## TASK PROMPT:
The response should be the data again, identical in every line.

## DATA RECORDS:
┌────────

(* Let $(X,L)$ be an exact cobordism with good ends, with positive end $(Y,\Lambda)$, and assume that the $(-\infty)$-boundary of $L$ is empty and $L$ is connected. Let $\epsilon$ be the augmentation of the contact homology algebra $\mathcal{A}(Y,\Lambda)$ induced by $L$. Then the natural map $Q'(\Lambda)\to \mathbf{V}(X,L)$, which sends a formal sum of covectors $c^*$ dual to Reeb chords $c$ (an element of $Q'(\Lambda)$) to the corresponding formal sum of Reeb chords $c$ in $\mathbf{V}(X,L)$, is a chain map (with respect to the dual of $\partial^\epsilon_1$ and $d^f$). Furthermore, if $(X,L)$ satisfies a monotonicity condition, i.e. there are constants $C_0$ and $C_1>0$ such that $|c|>C_1\mathfrak{a}(c)+C_0$ for every Reeb chord $c$ of $\Lambda$, then the induced map on homology \[ LCH^{*}(Y,\Lambda;\epsilon)\to E^{*}_{1}(X,L) \] is an isomorphism.
   Context: Setting. $Y$ is a contact $(2n-1)$-manifold with contact form $\lambda$; a Reeb chord of a Legendrian $\Lambda\subset Y$ is a trajectory of the Reeb vector field of $\lambda$ starting and ending on $\Lambda$; its action is $\mathfrak{a}(c)=\int_c\lambda$. An exact cobordism $(X,L)$: $X$ is an exact symplectic $2n$-manifold which outside a compact set is symplectomorphic to $Y^+\times[0,\infty)\sqcup Y^-\times(-\infty,0]$ with symplectic forms $d(e^t\lambda^\pm)$, and $L\subset X$ is an exact Lagrangian submanifold which outside a compact set equals $\Lambda^+\times[0,\infty)\sqcup\Lambda^-\times(-\infty,0]$ for Legendrians $\Lambda^\pm\subset Y^\pm$. Standing assumptions: $X$ is simply connected, $c_1(TX)=0$, the Maslov class of $L$ vanishes, $\Lambda^+$ is generic w.r.t. the Reeb flow, and the ends are good (every moduli space of holomorphic spheres in $X$, resp. in $Y^-\times\mathbb{R}$, with positive puncture at a Reeb orbit of $Y^+$, resp. $Y^-$, has formal dimension $\ge 2$). A generic almost complex structure $J$ compatible with the symplectic form and adjusted (translation invariant, pairing Reeb field with $\partial_t$) in the ends is fixed. Coefficients are $\mathbb{Z}_2$; $|\mathcal{M}|$ denotes the mod 2 count of a compact $0$-manifold. Here $\Lambda^-=\emptyset$, $(Y,\Lambda)=(Y^+,\Lambda^+)$. For a Reeb chord $c$ of $\Lambda$, $\mathcal{M}(c)$ is the moduli space of $J$-holomorphic disks in $X$ with boundary on $L$ and one positive boundary puncture asymptotic to the strip over $c$; the grading is $|c|=\dim\mathcal{M}(c)$ (formal dimension; well defined by the standing assumptions). For chords $a,b_1,\dots,b_k$, $\mathcal{M}(a;b_1\dots b_k)$ is the moduli space of holomorphic disks in $Y\times\mathbb{R}$ with boundary on $\Lambda\times\mathbb{R}$, positive puncture at $a$, negative punctures at $b_1,\dots,b_k$ in boundary order; it has dimension $|a|-\sum|b_j|$, and $\widehat{\mathcal{M}}=\mathcal{M}/\mathbb{R}$. Contact homology: $\mathcal{A}(Y,\Lambda)$ is the unital algebra over $\mathbb{Z}_2$ generated by Reeb chords, with differential $\partial c=\sum_{\dim\mathcal{M}(c;\bar b)=1}|\widehat{\mathcal{M}}(c;\bar b)|\,\bar b$ extended by Leibniz rule. The augmentation induced by $L$ is the algebra map $\epsilon:\mathcal{A}(Y,\Lambda)\to\mathbb{Z}_2$, $\epsilon(c)=|\mathcal{M}(c)|$ if $\dim\mathcal{M}(c)=0$ and $0$ otherwise; it satisfies $\epsilon\circ\partial=0$. With $E_\epsilon(c)=c+\epsilon(c)$, $\partial^\epsilon=E_\epsilon\partial E_\epsilon^{-1}$ preserves the word-length filtration; its induced map on $Q(\Lambda)=\mathcal{A}_1/\mathcal{A}_2$ (the vector space with basis the Reeb chords) is $\partial^\epsilon_1$, with homology $LCH_*(Y,\Lambda;\epsilon)$. $Q'(\Lambda)=\mathrm{Hom}(Q(\Lambda),\mathbb{Z}_2)$ with the dual differential; its homology is $LCH^*(Y,\Lambda;\epsilon)$. Rational SFT in this case: $\mathbf{V}(X,L)$ is the $\mathbb{Z}$-graded $\mathbb{Z}_2$-vector space of formal sums of Reeb chords of $\Lambda$ containing only finitely many chords of action below any given number, graded by $|c|$. The differential is $d^f(c)=\sum_a\sum_{\dim\mathcal{M}(a;\bar b\,c\,\bar e)=1}|\widehat{\mathcal{M}}(a;\bar b\,c\,\bar e)|\,\epsilon(\bar b)\epsilon(\bar e)\,a$ (attach $c$ to a negative puncture of a rigid symplectization disk and cap the other negative punctures with rigid disks in $X$); it has degree $1$ and increases action. For $\alpha>0$, $\mathbf{V}_{[\alpha]}(X,L)$ is the quotient of $\mathbf{V}(X,L)$ by the subcomplex of sums of chords of action $\ge\alpha$, with induced differential $d^f_\alpha$, and $E_1^*(X,L)=\varprojlim_\alpha \ker d^f_\alpha/\mathrm{im}\,d^f_\alpha$. *)

(* Algebraic abstraction of the Legendrian contact homology /
   rational SFT data of an exact cobordism (X,L) with empty negative end. *)
From HB Require Import structures.
From mathcomp Require Import all_boot all_order all_algebra.
Set Implicit Arguments. Unset Strict Implicit. Unset Printing Implicit Defensive.
Import Order.TTheory GRing.Theory Num.Theory.
Local Open Scope ring_scope.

└────────

## ANSWER TO THIS PROBLEM:
(* Let $(X,L)$ be an exact cobordism with good ends, with positive end $(Y,\Lambda)$, and assume that the $(-\infty)$-boundary of $L$ is empty and $L$ is connected. Let $\epsilon$ be the augmentation of the contact homology algebra $\mathcal{A}(Y,\Lambda)$ induced by $L$. Then the natural map $Q'(\Lambda)\to \mathbf{V}(X,L)$, which sends a formal sum of covectors $c^*$ dual to Reeb chords $c$ (an element of $Q'(\Lambda)$) to the corresponding formal sum of Reeb chords $c$ in $\mathbf{V}(X,L)$, is a chain map (with respect to the dual of $\partial^\epsilon_1$ and $d^f$). Furthermore, if $(X,L)$ satisfies a monotonicity condition, i.e. there are constants $C_0$ and $C_1>0$ such that $|c|>C_1\mathfrak{a}(c)+C_0$ for every Reeb chord $c$ of $\Lambda$, then the induced map on homology \[ LCH^{*}(Y,\Lambda;\epsilon)\to E^{*}_{1}(X,L) \] is an isomorphism.
   Context: Setting. $Y$ is a contact $(2n-1)$-manifold with contact form $\lambda$; a Reeb chord of a Legendrian $\Lambda\subset Y$ is a trajectory of the Reeb vector field of $\lambda$ starting and ending on $\Lambda$; its action is $\mathfrak{a}(c)=\int_c\lambda$. An exact cobordism $(X,L)$: $X$ is an exact symplectic $2n$-manifold which outside a compact set is symplectomorphic to $Y^+\times[0,\infty)\sqcup Y^-\times(-\infty,0]$ with symplectic forms $d(e^t\lambda^\pm)$, and $L\subset X$ is an exact Lagrangian submanifold which outside a compact set equals $\Lambda^+\times[0,\infty)\sqcup\Lambda^-\times(-\infty,0]$ for Legendrians $\Lambda^\pm\subset Y^\pm$. Standing assumptions: $X$ is simply connected, $c_1(TX)=0$, the Maslov class of $L$ vanishes, $\Lambda^+$ is generic w.r.t. the Reeb flow, and the ends are good (every moduli space of holomorphic spheres in $X$, resp. in $Y^-\times\mathbb{R}$, with positive puncture at a Reeb orbit of $Y^+$, resp. $Y^-$, has formal dimension $\ge 2$). A generic almost complex structure $J$ compatible with the symplectic form and adjusted (translation invariant, pairing Reeb field with $\partial_t$) in the ends is fixed. Coefficients are $\mathbb{Z}_2$; $|\mathcal{M}|$ denotes the mod 2 count of a compact $0$-manifold. Here $\Lambda^-=\emptyset$, $(Y,\Lambda)=(Y^+,\Lambda^+)$. For a Reeb chord $c$ of $\Lambda$, $\mathcal{M}(c)$ is the moduli space of $J$-holomorphic disks in $X$ with boundary on $L$ and one positive boundary puncture asymptotic to the strip over $c$; the grading is $|c|=\dim\mathcal{M}(c)$ (formal dimension; well defined by the standing assumptions). For chords $a,b_1,\dots,b_k$, $\mathcal{M}(a;b_1\dots b_k)$ is the moduli space of holomorphic disks in $Y\times\mathbb{R}$ with boundary on $\Lambda\times\mathbb{R}$, positive puncture at $a$, negative punctures at $b_1,\dots,b_k$ in boundary order; it has dimension $|a|-\sum|b_j|$, and $\widehat{\mathcal{M}}=\mathcal{M}/\mathbb{R}$. Contact homology: $\mathcal{A}(Y,\Lambda)$ is the unital algebra over $\mathbb{Z}_2$ generated by Reeb chords, with differential $\partial c=\sum_{\dim\mathcal{M}(c;\bar b)=1}|\widehat{\mathcal{M}}(c;\bar b)|\,\bar b$ extended by Leibniz rule. The augmentation induced by $L$ is the algebra map $\epsilon:\mathcal{A}(Y,\Lambda)\to\mathbb{Z}_2$, $\epsilon(c)=|\mathcal{M}(c)|$ if $\dim\mathcal{M}(c)=0$ and $0$ otherwise; it satisfies $\epsilon\circ\partial=0$. With $E_\epsilon(c)=c+\epsilon(c)$, $\partial^\epsilon=E_\epsilon\partial E_\epsilon^{-1}$ preserves the word-length filtration; its induced map on $Q(\Lambda)=\mathcal{A}_1/\mathcal{A}_2$ (the vector space with basis the Reeb chords) is $\partial^\epsilon_1$, with homology $LCH_*(Y,\Lambda;\epsilon)$. $Q'(\Lambda)=\mathrm{Hom}(Q(\Lambda),\mathbb{Z}_2)$ with the dual differential; its homology is $LCH^*(Y,\Lambda;\epsilon)$. Rational SFT in this case: $\mathbf{V}(X,L)$ is the $\mathbb{Z}$-graded $\mathbb{Z}_2$-vector space of formal sums of Reeb chords of $\Lambda$ containing only finitely many chords of action below any given number, graded by $|c|$. The differential is $d^f(c)=\sum_a\sum_{\dim\mathcal{M}(a;\bar b\,c\,\bar e)=1}|\widehat{\mathcal{M}}(a;\bar b\,c\,\bar e)|\,\epsilon(\bar b)\epsilon(\bar e)\,a$ (attach $c$ to a negative puncture of a rigid symplectization disk and cap the other negative punctures with rigid disks in $X$); it has degree $1$ and increases action. For $\alpha>0$, $\mathbf{V}_{[\alpha]}(X,L)$ is the quotient of $\mathbf{V}(X,L)$ by the subcomplex of sums of chords of action $\ge\alpha$, with induced differential $d^f_\alpha$, and $E_1^*(X,L)=\varprojlim_\alpha \ker d^f_\alpha/\mathrm{im}\,d^f_\alpha$. *)

(* Algebraic abstraction of the Legendrian contact homology /
   rational SFT data of an exact cobordism (X,L) with empty negative end. *)
From HB Require Import structures.
From mathcomp Require Import all_boot all_order all_algebra.
Set Implicit Arguments. Unset Strict Implicit. Unset Printing Implicit Defensive.
Import Order.TTheory GRing.Theory Num.Theory.
Local Open Scope ring_scope.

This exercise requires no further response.